Inverse of composition - series with factorial

Question

If $$2y+1=\sum_{n=0}^{+\infty}\left(\frac{1}{1+\sqrt 5}\right)^n\frac{x^n}{n!},$$

find a sequence $\{a_n\}$ such that $x=\sum_{n=1}^{+\infty}a_ny^n$.

How can we derive a generating function for series that contain factorials?

We know that $\sum_{n=0}^{+\infty}\frac{x^n}{n!}=e^x$.

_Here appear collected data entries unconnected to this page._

Lemma vsig_inS2 : p + q = gamma 0%N + gamma m -> inS2 vsig.
Proof.
move=> e; split; [|split; [|split]].
- move=> i hi; case: (boolP (vsig i false false && vsig i false true)) => [/andP // | nb].
  by have := vsig_notboth0_lt nb; rewrite hi /=; lra.
- move=> j hj; case: (boolP (vsig j true false && vsig j true true)) => [/andP // | nb].
  by have := vsig_notboth1_lt nb; rewrite hj /=; lra.
- move=> i hi; apply: vsig_xor0; apply/negP => /vsig_both0_le.
  by have := gamma_lt gamma_incr hi (ltnSn m); lra.
- move=> j hj; apply: vsig_xor1; apply/negP => /vsig_both1_le.
  by have := gamma_lt gamma_incr hj (ltn_ord j); lra.
Qed.

Lemma vsig_inS3 (t : 'I_n) : (0 < t)%N -> p + q = gamma t + gamma m -> inS3 vsig t.
Proof.
move=> t0 e; split; [by [] | split; [by rewrite -ltnS | split; [|split; [|split]]]].
- move=> j hj; case: (boolP (vsig j true false && vsig j true true)) => [/andP // | nb].
  by have := vsig_notboth1_lt nb; have := gamma_le gamma_incr hj (ltn_ord t); lra.
- move=> j hj; apply: vsig_xor1; apply/negP => /vsig_both1_le.
  by have := gamma_lt gamma_incr hj (ltn_ord j); lra.
- move=> i; apply: vsig_xor0; apply/negP => /vsig_both0_le.
  by have := gamma_lt gamma_incr t0 (ltn_ord t); have := gamma_le_last gamma_incr i; lra.
- have [e1 _] := tight10_max hY; have [e2 _] := tight01_max hX.
  by exists i0, i1; rewrite /vsig e1 e2 !eqxx.
Qed.

Lemma vsig_level :
  [\/ exists2 t : 'I_n, (t < m)%N & p + q = gamma 0%N + gamma t,
      p + q = gamma 0%N + gamma m |
      exists2 t : 'I_n, (0 < t)%N & p + q = gamma t + gamma m].
Proof.
case: vsig_hub => [[i [/eqP h00 /eqP h01 hP]] | [j [/eqP h10 /eqP h11 hQ]]].
- have e : p + q = gamma 0%N + gamma i by move: hP; rewrite /tight00; lra.
  case: (ltnP i m) => im; first by apply: Or31; exists i.
  by apply: Or32; have -> : m = i by have := ltn_ord i; lia.
- have e : p + q = gamma j + gamma m by move: hQ; rewrite /tight11; lra.
  case: (posnP j) => j0'; last by apply: Or33; exists j.
  by apply: Or32; rewrite e j0'.
Qed.

Lemma Mequiv_inV : exists w, inV gamma w /\ Mequiv v w.
Proof.
exists (uvec gamma (- (p + q)) vsig); split; last exact: Mequiv_uvec_vsig.
exists vsig; case: vsig_level => [[t tm e] | e | [t t0 e]].
- by left; exists t; split; [exact: vsig_inS1 | congr uvec; lra].
- by right; left; split; [exact: vsig_inS2 | congr uvec; lra].
- by right; right; exists t; split; [exact: vsig_inS3 | congr uvec; lra].
Qed.

End Signature.
End SignatureOfVertex.

Lemma vertex_Mequiv_inV (R : realFieldType) m (gamma : nat -> R) (v : vec R m.+1) :
  (forall i j : nat, (i < j < m.+1)%N -> gamma i < gamma j) ->
  is_vertex gamma v -> exists w, inV gamma w /\ Mequiv v w.
Proof.
move=> gamma_incr /vertexP[Hv Hc].
have [i0 [j0 hX]] := exists_tight01 gamma_incr Hv Hc.
have [i1 [j1 hY]] := exists_tight10 gamma_incr Hv Hc.
exact: Mequiv_inV hX hY.
Qed.

Theorem theorem1 (R : realFieldType) (n : nat) (gamma : nat -> R) :
  (0 < n)%N ->
  (forall i j : nat, (i < j < n)%N -> gamma i < gamma j) ->
  (forall v : vec R n, inV gamma v -> is_vertex gamma v) /\
  (forall v1 v2 : vec R n, inV gamma v1 -> inV gamma v2 -> v1 <> v2 ->
     ~ Mequiv v1 v2) /\
  (forall v : vec R n, is_vertex gamma v ->
     exists w : vec R n, inV gamma w /\ Mequiv v w).
Proof.
case: n => [// | m] _ gamma_incr; split; [|split].
- by move=> v /(inV_signature gamma_incr)[alpha [B [-> sB]]]; apply: uvec_vertex.
- move=> v1 v2 /(inV_signature gamma_incr)[a1 [B1 [-> s1]]]
    /(inV_signature gamma_incr)[a2 [B2 [-> s2]]] ne E.
  exact/ne/(uvec_Mequiv_eq s1 s2 E).
- by move=> v; apply: vertex_Mequiv_inV.
Qed.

How to derive the generating function for $\sum_{n=0}^{+\infty}\left(\frac{1}{1+\sqrt 5}\right)^n\frac{x^n}{n!}$?

Answer 1

If $$ 2y+1=\exp\left(\frac{x}{1+\sqrt{5}}\right) \tag{1}$$ then $$ x = (1+\sqrt{5}) \log(1+2y) = (1+\sqrt{5})\sum_{n\geq 1}\frac{2^n (-1)^{n+1}}{n} y^n. \tag{5}$$ For more complex task, you may use Lagrange's inversion theorem.

Answer 2

Hints:

What you have is simply

$$2y+1=e^{\frac x{1+\sqrt5}}\implies x=(1+\sqrt5)\,\log(2y+1)$$

and now use some power series for the logarithm...